The church eventually emptied, Athelstan’s reassurances ringing hollow along the nave. Once they were gone the friar slumped down at the base of a pillar and stared at the rood screen. Beyond it Hugh of Hornsey sheltered in sanctuary but Athelstan could not go there, not yet. He simply did not have the strength for more interrogation, more lies and sly evasions. Perhaps he should go across to the priest’s house and open that flask of wine Cranston had given him as a Yuletide gift. He would drink the rich red juice until sleep swallowed him.

‘Father?’

He glanced up. Benedicta was standing just behind him. ‘I thought you had left with the rest?’

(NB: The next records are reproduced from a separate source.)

(* Every digraph $D$ with minimum out-degree $\delta^+(D) \ge 2$ contains a subdivision of $\overleftrightarrow{K}_3 - e$.
   Context: Digraphs are finite, loopless, have no parallel arcs, but may contain digons (pairs of anti-parallel arcs). $\overleftrightarrow{K}_3$ is the bioriented triangle: the digraph on three vertices containing both arcs $(u,v)$ and $(v,u)$ for every pair of distinct vertices; $\overleftrightarrow{K}_3 - e$ is the digraph obtained from it by deleting a single arc. A subdivision of a digraph $F$ is a digraph obtained by replacing each arc $(x,y)$ of $F$ by a directed path from $x$ to $y$, such that the paths corresponding to different arcs are internally vertex-disjoint. $\delta^+(D)$ denotes the minimum out-degree of $D$. *)

From mathcomp Require Import all_boot.
Set Implicit Arguments. Unset Strict Implicit. Unset Printing Implicit Defensive.

(* Looplessness is imposed as a hypothesis
   (irreflexive e); no parallel arcs is automatic; digons are allowed. *)

Definition outdeg (V : finType) (e : rel V) (v : V) : nat := #|[set w | e v w]|.

Definition dipath (V : finType) (e : rel V) (x y : V) (s : seq V) : bool :=
  path e x (rcons s y) && uniq (x :: rcons s y).

(* Branch vertices a, b, c; arcs of K3<->-e: ab, ba, bc, cb, ac (the arc ca
   is deleted; all choices of deleted arc give isomorphic digraphs). *)
Definition has_subdiv_K3_minus_e (V : finType) (e : rel V) : Prop :=
  exists (a b c : V) (sab sba sbc scb sac : seq V),
    [/\ uniq [:: a; b; c],
        [/\ dipath e a b sab, dipath e b a sba, dipath e b c sbc,
            dipath e c b scb & dipath e a c sac],
        uniq (sab ++ sba ++ sbc ++ scb ++ sac) &
        [disjoint [:: a; b; c] & sab ++ sba ++ sbc ++ scb ++ sac]].

From mathcomp Require Import all_boot zify.

Set Implicit Arguments. Unset Strict Implicit. Unset Printing Implicit Defensive.
(* Let $X$ be a Tychonoff space. The following are equivalent: (1) $(C(X),\tau_\Gamma)$ is second countable; (2) $(C(X),\tau_\Gamma)$ has a countable network; (3) $(C(X),\tau_\Gamma)$ is separable; (4) $(C(X),\tau_\Gamma)$ has the countable chain condition; (5) $X$ is compact and metrizable.
   Context: $C(X)$ is the set of continuous real-valued functions on $X$, each identified with its graph in $X\times\mathbb{R}$. The graph topology $\tau_\Gamma$ on $C(X)$ has base $\{F_G: G\text{ open in }X\times\mathbb{R}\}$ where $F_G=\{f\in C(X): f\subset G\}$. *)

From Stdlib Require Import Reals List.
Open Scope R_scope.

Definition is_topology {X : Type} (T : (X -> Prop) -> Prop) : Prop :=
  T (fun _ => True) /\
  (forall U V, T U -> T V -> T (fun x => U x /\ V x)) /\
  (forall F : (X -> Prop) -> Prop, (forall U, F U -> T U) ->
     T (fun x => exists U, F U /\ U x)).

Definition R_open (U : R -> Prop) : Prop :=
  forall x, U x -> exists e, 0 < e /\ forall y, Rabs (y - x) < e -> U y.

Definition continuous_real {X : Type} (T : (X -> Prop) -> Prop) (f : X -> R) : Prop :=
  forall U, R_open U -> T (fun x => U (f x)).

Definition T1 {X : Type} (T : (X -> Prop) -> Prop) : Prop :=
  forall x y : X, x <> y -> exists U, T U /\ U x /\ ~ U y.

Definition completely_regular {X : Type} (T : (X -> Prop) -> Prop) : Prop :=
  forall (A : X -> Prop) (x : X), T (fun y => ~ A y) -> ~ A x ->
    exists f, continuous_real T f /\ f x = 0 /\ (forall y, A y -> f y = 1) /\
              (forall y, 0 <= f y <= 1).
Lemma rsum_indic k L :
  NoDup L -> (forall i, In i L -> (i < k)%nat) -> rsum k (indic L) = INR (length L).
Proof.
  induction L as [|a L IH]; intros Hnd Hk.
  - rewrite (rsum_ext _ _ (fun _ => 0)) by reflexivity. rewrite rsum_const. simpl; ring.
  - apply NoDup_cons_iff in Hnd as [Ha Hnd].
    rewrite (rsum_ext _ _ (fun i => (if Nat.eq_dec i a then 1 else 0) + indic L i))
      by (intros; apply indic_cons; exact Ha).
    rewrite rsum_plus, rsum_delta, IH by (simpl in Hk; auto).
    simpl length. rewrite S_INR. ring.
Qed.

Lemma lsum_nonneg {A} (L : list A) f : (forall s, In s L -> 0 <= f s) -> 0 <= lsum L f.
Proof.
  induction L as [|x L IH]; intros H; simpl; [lra|].
  assert (0 <= f x) by (apply H; simpl; auto).
  assert (0 <= lsum L f) by (apply IH; intros; apply H; simpl; auto).
  unfold lsum in *. lra.
Qed.

Lemma lsum_abs_le {A} (L : list A) f B :
  (forall s, In s L -> Rabs (f s) <= B) -> Rabs (lsum L f) <= INR (length L) * B.
Proof.
  induction L as [|x L IH]; intros H.
  - unfold lsum; simpl. rewrite Rabs_R0. lra.
  - assert (Rabs (f x) <= B) by (apply H; simpl; auto).
    assert (Rabs (lsum L f) <= INR (length L) * B) by (apply IH; intros; apply H; simpl; auto).
    unfold lsum in *; simpl length; simpl fold_right. rewrite S_INR.
    pose proof (Rabs_triang (f x) (fold_right (fun s acc => f s + acc) 0 L)). lra.
Qed.

Lemma lsum_avg_abs_le_1 {A} (L : list A) f :
  (1 <= length L)%nat -> (forall s, In s L -> Rabs (f s) <= 1) ->
  Rabs (/ INR (length L) * lsum L f) <= 1.
Proof.
  intros HL H. assert (Hm : 1 <= INR (length L)) by (apply (le_INR 1); exact HL).
  pose proof (lsum_abs_le L f 1 H).
  rewrite Rabs_mult, Rabs_right by (left; apply Rinv_0_lt_compat; lra).
  apply Rle_trans with (/ INR (length L) * INR (length L)).
  - apply Rmult_le_compat_l; [left; apply Rinv_0_lt_compat|]; lra.
  - rewrite Rinv_l; lra.
Qed.

Lemma lsum_le_count (L : list (input * R)) f y c :
  0 <= c -> (forall s, In s L -> f s <= 0) -> (forall s, In s L -> snd s = y -> f s <= - c) ->
  lsum L f <= - c * INR (count_lab y L).
Proof.
  intros Hc. induction L as [|x L IH]; intros H1 H2.
  - unfold lsum, count_lab. simpl. lra.
  - assert (lsum L f <= - c * INR (count_lab y L))
      by (apply IH; intros; [apply H1|apply H2]; simpl; auto).
    unfold count_lab in *. unfold lsum in *. simpl.
    destruct (Req_EM_T (snd x) y) as [e|e].
    + simpl length. rewrite S_INR. assert (f x <= - c) by (apply H2; simpl; auto). lra.
    + assert (f x <= 0) by (apply H1; simpl; auto). lra.
Qed.

Lemma dot_ext_l d u u' w : (forall c, (c < d)%nat -> u c = u' c) -> dot d u w = dot d u' w.
Proof. intros H. apply rsum_ext. intros c Hc. rewrite H by exact Hc. reflexivity. Qed.

Lemma dot_sub_scal d f g al u : dot d (fun c => f c - al * g c) u = dot d f u - al * dot d g u.
Proof.
  unfold dot. rewrite <- rsum_scal.
  replace (rsum d (fun c => f c * u c) - rsum d (fun c => al * (g c * u c)))
    with (rsum d (fun c => f c * u c) + rsum d (fun c => -1 * (al * (g c * u c)))).
  - rewrite <- rsum_plus. apply rsum_ext. intros; ring.
  - rewrite rsum_scal. ring.
Qed.

Lemma dot_lsum {A} d (L : list A) h p u :
  dot d (fun c => lsum L (fun s => h s * p s c)) u = lsum L (fun s => h s * dot d (p s) u).
Proof.
  induction L as [|x L IH]; simpl.
  - unfold dot, lsum. simpl. rewrite (rsum_ext _ _ (fun _ => 0)) by (intros; ring).
    rewrite rsum_const. ring.
  - unfold lsum in *. simpl. rewrite <- IH. unfold dot.
    rewrite <- rsum_scal, <- rsum_plus. apply rsum_ext. intros; ring.
Qed.

Definition grad_weight (d n k : nat) (W : nat -> vec) (a : nat -> R) (i : nat)
  (s : input * R) : R :=
  dloss (snd s * net d n k W a (fst s)) * snd s * a i.

Lemma dot_grad d n k S1 W a p i u :
  dot d (grad d n k S1 W a p i) u =
  / INR (length S1) * lsum S1 (fun s => grad_weight d n k W a i s * dot d (p i (fst s)) u).
Proof.
  rewrite <- dot_lsum. unfold dot. rewrite <- rsum_scal.
  apply rsum_ext. intros c _. unfold grad, lsum, grad_weight. ring.
Qed.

‘You look tired, Father. Why not go to your house? I have left you a stew, rich and brown, the meat soft and minced, or you could eat at my house. I have wine?’ Athelstan held her gaze. ‘We could talk, plot what to do for poor Pike and Watkin.’

‘An invitation which cannot be resisted,’ Athelstan replied, clambering to his feet. ‘I am tired, I am lonely and I am angry.’

‘Father!’ Ranulf the rat-catcher came hurrying up the nave, banging the door behind him. ‘Father, I have to do a great ratting tonight in the cellars of a merchant’s house. He has offered me good silver. I need …’ The rat-catcher paused at the look on Athelstan’s face and glanced at Benedicta. ‘I am sorry,’ he muttered. Athelstan studied his peaked-white face peeping out of the stiffened tarred hood. Once again the friar was struck by the likeness between Ranulf and his two ferrets, Ferox and Audax. He abruptly leaned forward and pulled back the rat-catcher’s hood, studying his scrawny scalp and lined cheeks. ‘Father, what have I done?’

‘Nothing,’ Athelstan smiled, ‘except remind me that I am your priest. Ranulf, Benedicta, angels come in many forms. Now, Benedicta, fetch the holy water stoup from the sacristy. Let’s give Ferox and Audax the holiest of blessings.’ The widow woman hurried away. Athelstan stepped closer. ‘You are not really here about the ferrets, God save them, are you, Ranulf?’ The rat-catcher glared unblinkingly back. ‘You were there tonight, weren’t you, disguised as an Earthworm?’ Athelstan pointed to Ranulf’s head. ‘I can see the remains of the mask. What where you? The Jackdaw, the Magpie? Sir John has told me all about the Earthworms and their eerie disguises.’